16. The reference to GET now incorporates the phrase “and given on a one to one basis if possible”.

17. In the original leaflets there was reference to the “occupational health professional” actually giving treatment, advising on the patient’s fitness for work and ensuring that illnesses that can cause fatigue are treated. We pointed out this was not the job of an OHP and that the NICE Guideline gave this role to a Health Professional. This has been accepted and the OHP can now simply “assist” the employee in arranging a management strategy and liaise with the GP or treating practitioner.

18. The hugely dangerous words advising employers to encourage employees “to persevere” with their treatment, have been removed.

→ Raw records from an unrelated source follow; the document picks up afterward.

(* For every $d \in \{2,3,4,5,8,12,16,17,24,32,40,48,80,112\}$, the sequence $\left(\left\lfloor n^8/d \right\rfloor\right)_{n \ge 1}$ is eventually prime-free.
   Context: A sequence $(a_n)_{n\ge 1}$ of positive integers is called eventually prime-free if there exists an index $n_0$ such that $a_n$ is composite for all $n \ge n_0$. (Here, as in the paper, this is understood as: only finitely many terms $a_n$ are prime.) *)

From mathcomp Require Import all_boot.
Set Implicit Arguments. Unset Strict Implicit. Unset Printing Implicit Defensive.

Definition eventually_prime_free (a : nat -> nat) : Prop :=
  exists n0 : nat, forall n : nat, 1 <= n -> n0 <= n -> ~~ prime (a n).

From mathcomp Require Import all_boot.
From mathcomp Require Import zify.

(* Write n^8 = N^2 with N = n^4 and N^2 = q d + r with 0 <= r < d, so that
   q = floor(n^8/d).  If r = s^2 is a perfect square then q d = (N - s)(N + s),
   and a prime q would divide a factor of size at most N + s, although q is
   about N^2/d.  If q is even it is not prime either, being large.  Both r and
   the parity of q depend only on n modulo 2d, and for each listed d every
   residue class modulo 2d falls into one of the two cases, which is checked
   by computation. *)

(* Reducing after each squaring keeps the unary numbers small under vm_compute. *)
Definition iter_sqr_mod (m k a : nat) : nat := iter k (fun b => b * b %% m) (a %% m).

Lemma iter_sqr_modE m k a : iter_sqr_mod m k a = a ^ (2 ^ k) %% m.
Proof.
elim: k => [|k IHk]; first by rewrite expn1.
by rewrite /iter_sqr_mod iterS -/(iter_sqr_mod m k a) IHk modnMm -expnD addnn -mul2n expnS.
Qed.

Definition is_square (r : nat) : bool := has (fun s => s * s == r) (iota 0 r.+1).

Lemma is_squareP r : is_square r -> exists s, r = s * s.
Proof. by case/hasP=> s _ /eqP <-; exists s. Qed.

Lemma ltn_sqr_divn d N : 0 < d -> 3 * d <= N -> N + d < N * N %/ d.
Proof.
move=> d_gt0 le_3d_N.
have := divn_eq (N * N) d; have := ltn_pmod (N * N) d_gt0; nia.
Qed.

Lemma sqr_divn_not_prime_sqr_mod d N s :
  0 < d -> 3 * d <= N -> N * N %% d = s * s -> ~~ prime (N * N %/ d).
Proof.
move=> d_gt0 le_3d_N rE; apply/negP=> q_prime.
have := ltn_sqr_divn d N d_gt0 le_3d_N; set q := N * N %/ d => lt_q.
have s_lt_d : s < d by move: (ltn_pmod (N * N) d_gt0); rewrite rE; nia.
have qdE : q * d = (N - s) * (N + s) by have := divn_eq (N * N) d; nia.
have q_dvd : q %| (N - s) * (N + s) by rewrite -qdE dvdn_mulr.
have q_le : q <= N + s.
  by move: q_dvd; rewrite Euclid_dvdM // => /orP[] /dvdn_leq; lia.
lia.
Qed.

Lemma sqr_divn_not_prime_even d N :
  0 < d -> 3 * d <= N -> ~~ odd (N * N %/ d) -> ~~ prime (N * N %/ d).
Proof.
move=> d_gt0 le_3d_N q_even; apply/negP=> /even_prime [q2 | q_odd].
- by have := ltn_sqr_divn d N d_gt0 le_3d_N; rewrite q2; lia.
- by rewrite q_odd in q_even.
Qed.

Definition residue_certificate (d a : nat) : bool :=
  let r := iter_sqr_mod (2 * d) 3 a in is_square (r %% d) || ~~ odd (r %/ d).

Lemma residue_certificate_mod d n :
  residue_certificate d (n %% (2 * d)) =
  is_square (n ^ 8 %% d) || ~~ odd (n ^ 8 %/ d).
Proof.
rewrite /residue_certificate iter_sqr_modE modnXm.
by rewrite (modn_dvdm _ (dvdn_mull 2 (dvdnn d))) -modn_divl modn2 oddb.
Qed.

Lemma eventually_prime_free_of_certificates d :
  0 < d -> all (residue_certificate d) (iota 0 (2 * d)) ->
  eventually_prime_free (fun n => n ^ 8 %/ d).
Proof.
move=> d_gt0 certs; exists (3 * d) => n n_gt0 le_3d_n.
have n8E : n ^ 8 = n ^ 4 * n ^ 4 by rewrite -expnD.
have le_3d_N : 3 * d <= n ^ 4.
  by apply: leq_trans le_3d_n _; rewrite -{1}(expn1 n) leq_pexp2l.
have n_mod : n %% (2 * d) \in iota 0 (2 * d) by rewrite mem_iota ltn_mod; lia.
move: (allP certs _ n_mod); rewrite residue_certificate_mod n8E.
case/orP=> [/is_squareP [s rE] | q_even].
- exact: (sqr_divn_not_prime_sqr_mod d _ s d_gt0 le_3d_N rE).
- exact: (sqr_divn_not_prime_even d _ d_gt0 le_3d_N q_even).
Qed.

Theorem theorem5 (d : nat) :
  d \in [:: 2; 3; 4; 5; 8; 12; 16; 17; 24; 32; 40; 48; 80; 112] ->
  eventually_prime_free (fun n => n ^ 8 %/ d).
Proof.
have certified : all (fun d => (0 < d) && all (residue_certificate d) (iota 0 (2 * d)))
  [:: 2; 3; 4; 5; 8; 12; 16; 17; 24; 32; 40; 48; 80; 112] by vm_compute.
by move=> /(allP certified) /andP [d_gt0 certs]; apply: eventually_prime_free_of_certificates.
Qed.
Lemma bound_subst_keep (c z : form) (u w : nat) :
  bound_in w c -> bound_in w (subst c z u).
Proof.
  revert z u w; induction c; simpl; intros z u w H; case_eqb; simpl; subst; try tauto;
    try (destruct H; [left; apply IHc1 | right; apply IHc2]; auto);
    try (apply IHc; auto); try (destruct H; [left; auto | right; apply IHc; auto]).
Qed.

Lemma free_subst_inv (c z : form) (u w : nat) :
  free_in w (subst c z u) -> (free_in w c /\ w <> u) \/ free_in w z.
Proof.
  revert z u w; induction c; simpl; intros z u w H; case_eqb; simpl in *; subst; try tauto.
  all: try (destruct H as [H|H]; [apply IHc1 in H | apply IHc2 in H]; tauto).
  all: try (apply IHc in H; tauto).
  all: try (destruct H as [Hwn H]; apply IHc in H; tauto).
  all: left; split; auto.
Qed.

Lemma notfree_subst (c z : form) (u w : nat) :
  ~ free_in w c -> ~ free_in w z -> ~ free_in w (subst c z u).
Proof. intros Hc Hz H; apply free_subst_inv in H; tauto. Qed.

Lemma bound_subst_inv (c z : form) (u w : nat) :
  bound_in w (subst c z u) -> bound_in w c \/ bound_in w z.
Proof.
  revert z u w; induction c; simpl; intros z u w H; case_eqb; simpl in *; try (subst; tauto).
  all: try (destruct H as [H|H]; [apply IHc1 in H | apply IHc2 in H]; tauto).
  all: try (apply IHc in H; tauto).
  all: try (destruct H as [H|H]; [tauto | apply IHc in H; tauto]).
Qed.

Lemma free_for_notfree (c z : form) (u : nat) : ~ free_in u c -> free_for z u c.
Proof.
  revert z u; induction c; simpl; intros z u H; auto;
    try (split; [apply IHc1 | apply IHc2]; tauto); try (apply IHc; tauto);
    (destruct (Nat.eq_dec u n); [left; auto | right; split; [tauto | apply IHc; tauto]]).
Qed.
Lemma le_trans x y z : x ≤ y -> y ≤ z -> x ≤ z.
Proof. unfold le; intros Hxy Hyz. now rewrite <- Hxy, <- mtA, Hyz. Qed.

Lemma le_jn x y : x ≤ y <-> x ⊔ y = y.
Proof.
  unfold le; split; intros H.
  - now rewrite <- H, jnC, mtC, jnM.
  - now rewrite <- H, mtJ.
Qed.

Lemma le_mt_l x y : x ⊓ y ≤ x.
Proof. unfold le. now rewrite (mtC L (x ⊓ y) x), mtA, mt_idem. Qed.

Lemma le_mt_r x y : x ⊓ y ≤ y.
Proof. unfold le. now rewrite <- mtA, mt_idem. Qed.

Lemma mt_glb x y z : z ≤ x -> z ≤ y -> z ≤ x ⊓ y.
Proof. unfold le; intros Hx Hy. now rewrite mtA, Hx, Hy. Qed.

Lemma le_jn_l x y : x ≤ x ⊔ y.
Proof. apply mtJ. Qed.

Lemma le_jn_r x y : y ≤ x ⊔ y.
Proof. rewrite jnC. apply mtJ. Qed.

Lemma jn_lub x y z : x ≤ z -> y ≤ z -> x ⊔ y ≤ z.
Proof. rewrite !le_jn; intros Hx Hy. now rewrite <- jnA, Hy, Hx. Qed.

Lemma jn_mono a b c d : a ≤ b -> c ≤ d -> a ⊔ c ≤ b ⊔ d.
Proof.
  intros Hab Hcd. apply jn_lub.
  - apply le_trans with b; [exact Hab | apply le_jn_l].
  - apply le_trans with d; [exact Hcd | apply le_jn_r].
Qed.

Lemma le0 x : zero L ≤ x.
Proof. apply le_jn. now rewrite jnC, jn0. Qed.

Lemma le_one x : one L ≤ x -> x = one L.
Proof. unfold le. now rewrite mtC, mt1. Qed.

Lemma le_zero x : x ≤ zero L -> x = zero L.
Proof. intros H. rewrite <- H, mtC. apply le0. Qed.

Lemma jn_mt_le m1 m2 a b : (m1 ⊔ a) ⊓ (m2 ⊔ b) ≤ (m1 ⊔ m2) ⊔ (a ⊓ b).
Proof.
  rewrite mtDr. apply jn_lub.
  - apply le_trans with m2; [apply le_mt_r|].
    apply le_trans with (m1 ⊔ m2); [apply le_jn_r | apply le_jn_l].
  - rewrite mtC, mtDr. apply jn_lub.
    + apply le_trans with m1; [apply le_mt_r|].
      apply le_trans with (m1 ⊔ m2); [apply le_jn_l | apply le_jn_l].
    + rewrite mtC. apply le_jn_r.
Qed.

Lemma dm_anti x y : x ≤ y -> dm L y ≤ dm L x.
Proof. intros H. apply le_jn. unfold le in H. now rewrite jnC, <- dmM, H. Qed.

Lemma dmJ x y : dm L (x ⊔ y) = dm L x ⊓ dm L y.
Proof. now rewrite <- (dmK L (dm L x ⊓ dm L y)), dmM, !dmK. Qed.

Lemma dm0 : dm L (zero L) = one L.
Proof. apply le_one. rewrite <- (dmK L (one L)). apply dm_anti, le0. Qed.

Lemma dm1 : dm L (one L) = zero L.
Proof. now rewrite <- dm0, dmK. Qed.

Lemma le_st a x : a ⊓ x = zero L -> x ≤ st L a.
Proof. apply stP. Qed.

Lemma st_anti a b : a ≤ b -> st L b ≤ st L a.
Proof.
  intros Hab. apply le_st, le_zero.
  apply le_trans with (b ⊓ st L b).
  - apply mt_glb; [apply le_trans with a; [apply le_mt_l | exact Hab] | apply le_mt_r].
  - apply le_jn. rewrite (proj2 (stP L b (st L b)) (mt_idem _)). now rewrite jn0.
Qed.

Definition chi a : L := st L (dm L a).

Lemma chi_mono a b : a ≤ b -> chi a ≤ chi b.
Proof. intros Hab. apply st_anti, dm_anti, Hab. Qed.

Lemma iter_chi_mono k a b : a ≤ b -> iter_dmst L k a ≤ iter_dmst L k b.
Proof. induction k; intros Hab; [exact Hab | apply chi_mono, IHk, Hab]. Qed.

Lemma iter_dmst_succ_r k a : iter_dmst L (S k) a = iter_dmst L k (chi a).
Proof. apply Nat.iter_succ_r. Qed.

Lemma jn_dm_chi a : a ⊔ dm L (chi a) = one L.
Proof.
  rewrite <- (dmK L (a ⊔ _)), dmJ, dmK.
  unfold chi. now rewrite (proj2 (stP L _ _) (mt_idem _)), dm0.
Qed.

Lemma dm_le_chi a c : a ⊔ c = one L -> dm L c ≤ chi a.
Proof. intros H. apply le_st. now rewrite <- dmJ, H, dm1. Qed.

End Lattice.

Section PrimeIdeals.

Variable L : pmAlg.
Implicit Types a b c x y : L.
Implicit Types I J M : L -> Prop.

Definition is_ideal I : Prop :=
  I (zero L) /\ (forall a b, I b -> a ≤ b -> I a) /\ (forall a b, I a -> I b -> I (a ⊔ b)).

Definition ideal_join I J : L -> Prop := fun x => exists i j, I i /\ J j /\ x ≤ i ⊔ j.

Definition principal a : L -> Prop := fun x => x ≤ a.

Lemma principal_is_ideal a : is_ideal (principal a).
Proof.
  split; [apply le0 | split; intros x y].
  - intros ya xy. exact (le_trans _ _ _ _ xy ya).
  - apply jn_lub.
Qed.

Lemma ideal_join_is_ideal I J : is_ideal I -> is_ideal J -> is_ideal (ideal_join I J).
Proof.
  intros (I0 & _ & Ijn) (J0 & _ & Jjn). split; [|split].
  - exists (zero L), (zero L). repeat split; auto using le0.
  - intros x y (i & j & Ii & Jj & Hy) Hxy. exists i, j. repeat split; eauto using le_trans.
  - intros x y (i1 & j1 & Ii1 & Jj1 & Hx) (i2 & j2 & Ii2 & Jj2 & Hy).
    exists (i1 ⊔ i2), (j1 ⊔ j2). repeat split; auto.
    apply jn_lub.
    + apply le_trans with (i1 ⊔ j1); [exact Hx | apply jn_mono; apply le_jn_l].
    + apply le_trans with (i2 ⊔ j2); [exact Hy | apply jn_mono; apply le_jn_r].
Qed.

Lemma ideal_join_l I J a : is_ideal J -> I a -> ideal_join I J a.
Proof. intros (J0 & _) Ia. exists a, (zero L). repeat split; auto using le_jn_l. Qed.

Lemma ideal_join_r I J a : is_ideal I -> J a -> ideal_join I J a.
Proof. intros (I0 & _) Ja. exists (zero L), a. repeat split; auto using le_jn_r. Qed.

Lemma point_is_ideal (u : Point L) : is_ideal (proj1_sig u).
Proof. destruct (proj2_sig u) as (u0 & udown & ujn & _). split; auto. Qed.

Lemma maximal_ideal_prime M : is_ideal M -> ~ M (one L) ->
  (forall a, ~ M a -> ideal_join M (principal a) (one L)) -> prime_ideal L M.
Proof.
  intros (M0 & Mdown & Mjn) M1 Mmax. repeat split; auto.
  intros a b Mab. apply NNPP. intros [Ma Mb]%not_or_and.
  destruct (Mmax a Ma) as (m1 & a1 & Mm1 & a1a & H1).
  destruct (Mmax b Mb) as (m2 & b1 & Mm2 & b1b & H2).
  apply M1, Mdown with ((m1 ⊔ m2) ⊔ (a ⊓ b)); [apply Mjn; [apply Mjn |]; assumption|].
  apply le_trans with ((m1 ⊔ a) ⊓ (m2 ⊔ b)); [|apply jn_mt_le].
  apply mt_glb.
  - apply le_trans with (m1 ⊔ a1); [exact H1 | apply jn_mono; [apply le_refl | exact a1a]].
  - apply le_trans with (m2 ⊔ b1); [exact H2 | apply jn_mono; [apply le_refl | exact b1b]].
Qed.

Definition proper_ideal_above I X : Prop :=
  is_ideal X /\ (forall a, I a -> X a) /\ ~ X (one L).

Lemma chain_union_proper_ideal I (F : (L -> Prop) -> Prop) :
  (forall X, F X -> (forall x, ~ X x) \/ proper_ideal_above I X) ->
  (forall X Y, F X -> F Y -> (forall a, X a -> Y a) \/ (forall a, Y a -> X a)) ->
  (forall x, ~ exists2 X, F X & X x) \/ proper_ideal_above I (fun x => exists2 X, F X & X x).
Proof.
  intros Fadm Ftot.
  destruct (classic (exists X x, F X /\ X x)) as [(X0 & x0 & FX0 & X0x0) | Fempty];
    [right | left; intros x [X FX Xx]; eauto].
  assert (member : forall X x, F X -> X x -> proper_ideal_above I X).
  { intros X x FX Xx. destruct (Fadm X FX) as [E | H]; [destruct (E x Xx) | exact H]. }
  destruct (member X0 x0 FX0 X0x0) as ((X00 & _) & IX0 & _).
  split; [split; [|split] | split].
  - now exists X0.
  - intros a b [X FX Xb] ab. exists X; [exact FX|].
    destruct (member X b FX Xb) as ((_ & Xdown & _) & _). eauto.
  - intros a b [X1 FX1 X1a] [X2 FX2 X2b].
    destruct (Ftot X1 X2 FX1 FX2) as [H12 | H21].
    + exists X2; [exact FX2|]. destruct (member X2 b FX2 X2b) as ((_ & _ & X2jn) & _). auto.
    + exists X1; [exact FX1|]. destruct (member X1 a FX1 X1a) as ((_ & _ & X1jn) & _). auto.
  - intros a Ia. exists X0; auto.
  - intros [X FX X1]. destruct (member X _ FX X1) as (_ & _ & Hn). auto.
Qed.
(* Assume the Continuum Hypothesis. Every real Banach space $X$ with $\operatorname{dens} X = \operatorname{dens} X^* = \omega_1$ contains an overcomplete set.
   Context: $\operatorname{dens}$ denotes the density character. A subset $S$ of a Banach space $X$ with $|S| = \operatorname{dens} X$ is called overcomplete if every subset $\Lambda \subseteq S$ with $|\Lambda| = |S|$ is linearly dense in $X$ (its closed linear span is $X$). *)

From HB Require Import structures.
From mathcomp Require Import all_boot all_order all_algebra.
From mathcomp Require Import all_classical all_reals all_analysis.
Set Implicit Arguments. Unset Strict Implicit. Unset Printing Implicit Defensive.
Import Order.TTheory GRing.Theory Num.Theory.
Import numFieldNormedType.Exports.
Local Open Scope classical_set_scope.
Local Open Scope ring_scope.

(* |A| = aleph_1 : A is uncountable and admits a well-order all of whose
   initial segments are countable (i.e. a well-order of type omega_1). *)
Definition is_aleph1 (T : Type) (A : set T) : Prop :=
  ~ countable A /\
  exists r : T -> T -> Prop,
    (forall x y, A x -> A y -> r x y \/ r y x) /\
    (forall x y, A x -> A y -> r x y -> r y x -> x = y) /\
    (forall x y z, A x -> A y -> A z -> r x y -> r y z -> r x z) /\
    (forall B, B `<=` A -> B !=set0 -> exists2 m, B m & forall y, B y -> r m y) /\
    (forall x, A x -> countable [set y | A y /\ r y x]).

Definition CH (R : realType) : Prop := is_aleph1 [set: R].

Definition dens_is_aleph1 (T : Type) (isdense : set T -> Prop) : Prop :=
  (exists D, isdense D /\ is_aleph1 D) /\
  (forall D, isdense D -> ~ countable D).

Definition dual_elt (R : realType) (X : normedModType R) (f : X -> R) : Prop :=
  (forall (a : R) (u v : X), f (a *: u + v) = a * f u + f v) /\ continuous f.

(* D is a dense subset of X^* for the dual (operator) norm
   ||f|| = sup_{||x|| <= 1} |f x|. *)
Definition dual_dense (R : realType) (X : normedModType R)
    (D : set (X -> R)) : Prop :=
  D `<=` @dual_elt R X /\
  forall f, dual_elt f -> forall eps : R, 0 < eps ->
    exists2 g, D g & forall x : X, `|x| <= 1 -> `|f x - g x| <= eps.

Definition lin_span (R : realType) (X : normedModType R) (L : set X) : set X :=
  [set x | exists n (a : 'I_n -> R) (v : 'I_n -> X),
             (forall i, L (v i)) /\ x = \sum_(i < n) a i *: v i].

Definition linearly_dense (R : realType) (X : normedModType R) (L : set X) : Prop :=
  closure (lin_span L) = setT.

Definition card_is_dens (R : realType) (X : normedModType R) (S : set X) : Prop :=
  (exists D : set X, dense D /\ card_eq S D) /\
  (forall D : set X, dense D -> card_le S D).

Definition overcomplete (R : realType) (X : normedModType R) (S : set X) : Prop :=
  card_is_dens S /\
  forall L : set X, L `<=` S -> card_eq L S -> linearly_dense L.

From HB Require Import structures.
From mathcomp Require Import all_boot all_order all_algebra.
From mathcomp Require Import all_classical all_reals all_analysis.
From mathcomp Require Import ring lra.
Set Implicit Arguments. Unset Strict Implicit. Unset Printing Implicit Defensive.
Import Order.TTheory GRing.Theory Num.Theory.
Import numFieldNormedType.Exports.
Local Open Scope classical_set_scope.
Local Open Scope ring_scope.
Local Open Scope card_scope.

(* Under CH fix a well-order of R of type omega_1.  The dual X^* has a dense
   subset of size omega_1 <= c, and a functional is determined by a sequence of
   approximants from it, so X^* injects into R^N and hence into R; pulling the
   well-order back, every functional has only countably many predecessors.  For
   each t in R, Baire's theorem gives a vector s_t on which every nonzero
   functional of index below t is nonzero.  A functional F vanishing on a set
   L of such vectors can only vanish at s_t for t below the index of F, so L is
   countable unless F = 0; by Hahn-Banach every uncountable L is linearly
   dense. *)

Lemma card_le_inj T U (A : set T) (B : set U) (f : T -> U) :
  set_fun A B f -> set_inj A f -> A #<= B.
Proof.
move=> fAB finj; have [g] : $|{injfun A >-> B}| by apply/injfunPex; exists f.
exact: inj_card_le g.
Qed.

Lemma countableU T (A B : set T) : countable A -> countable B -> countable (A `|` B).
Proof.
move=> cA cB.
have -> : A `|` B = \bigcup_(b in [set: bool]) (if b then A else B).
  apply/seteqP; split=> [x [Ax|Bx]|x [[] _ ?]];
  [by exists true | by exists false | by left | by right].
by apply: bigcup_countable => // -[].
Qed.

Section aleph1_embedding.
Variables (T : Type) (U : choiceType) (A : set T) (B : set U) (r : T -> T -> Prop).
Hypothesis r_total : forall x y, A x -> A y -> r x y \/ r y x.
Hypothesis r_antisym : forall x y, A x -> A y -> r x y -> r y x -> x = y.
Hypothesis r_least : forall C, C `<=` A -> C !=set0 -> exists2 m, C m & forall y, C y -> r m y.
Hypothesis r_countable : forall x, A x -> countable [set y | A y /\ r y x].
Hypothesis B_uncountable : ~ countable B.

Let lt x y := [/\ A x, A y, r x y & x <> y].

Let lt_wf : well_founded lt.
Proof.
move=> x; apply: contrapT => xNacc.
have Ax : A x by apply: contrapT => NAx; apply: xNacc; constructor => y [].
have [m [Am mNacc] m_least] := r_least (C := [set y | A y /\ ~ Acc lt y])
  (fun y => @proj1 _ _) (ex_intro _ x (conj Ax xNacc)).
apply: mNacc; constructor => y [Ay _ rym ym].
apply: contrapT => yNacc; apply: ym; apply: r_antisym => //.
exact: m_least.
Qed.

Let fresh_value x (g : T -> U) : A x -> exists u, B u /\ forall y, lt y x -> g y <> u.
Proof.
move=> Ax; apply: contrapT => Nfresh; apply: B_uncountable.
apply: (sub_countable (B := g @` [set y | A y /\ r y x])).
  apply: subset_card_le => u Bu; apply: contrapT => Nimg; apply: Nfresh.
  by exists u; split=> // y [Ay _ ryx _] gyu; apply: Nimg; exists y.
exact: card_le_trans (card_image_le _ _) (r_countable Ax).
Qed.

Lemma aleph1_inj : exists2 h : T -> U, set_fun A B h & set_inj A h.
Proof.
have [u0 _] : B !=set0.
  by apply/set0P/negP => /eqP B0; apply: B_uncountable; rewrite B0.
pose fresh x (rec : forall y, lt y x -> U) :=
  xget u0 (fun u => B u /\ forall y (ltyx : lt y x), rec y ltyx <> u).
pose h := Fix lt_wf (fun _ => U) fresh.
have hE : forall x, h x = fresh x (fun y _ => h y).
  apply: Fix_eq => x f g fg.
  suff -> : f = g by [].
  by apply: functional_extensionality_dep => y; apply: functional_extensionality_dep.
have h_fresh x : A x -> B (h x) /\ forall y, lt y x -> h y <> h x.
  by move=> Ax; rewrite hE; apply: (xgetPex u0 (fresh_value (fun y => h y) Ax)).
exists h => [x Ax|x y /set_mem Ax /set_mem Ay hxy]; first exact: (h_fresh x Ax).1.
apply: contrapT => xy; have [rxy|ryx] := r_total Ax Ay.
  by apply: (h_fresh y Ay).2 hxy; split.
by apply: (h_fresh x Ax).2 (esym hxy); split=> // yx; apply: xy.
Qed.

It is of course not the job of an employer to take an active management role in the personal health care of his employee.

19. We have got a new sentence added to the section “Recovery from CFS/ME”. This is:-

“However, anyone severely affected by the illness for a prolonged period of four years or more has a poor chance of recovery and this should be taken into account when reviewing ill health retirement,”

I hope that you agree that the leaflets are immensely better, thanks to all the work that we have done. Patients with ME/CFS are much more likely now to have a fairer/better opportunity of dealing with some of the practical difficulties in regard to their chances of coping in the world of work.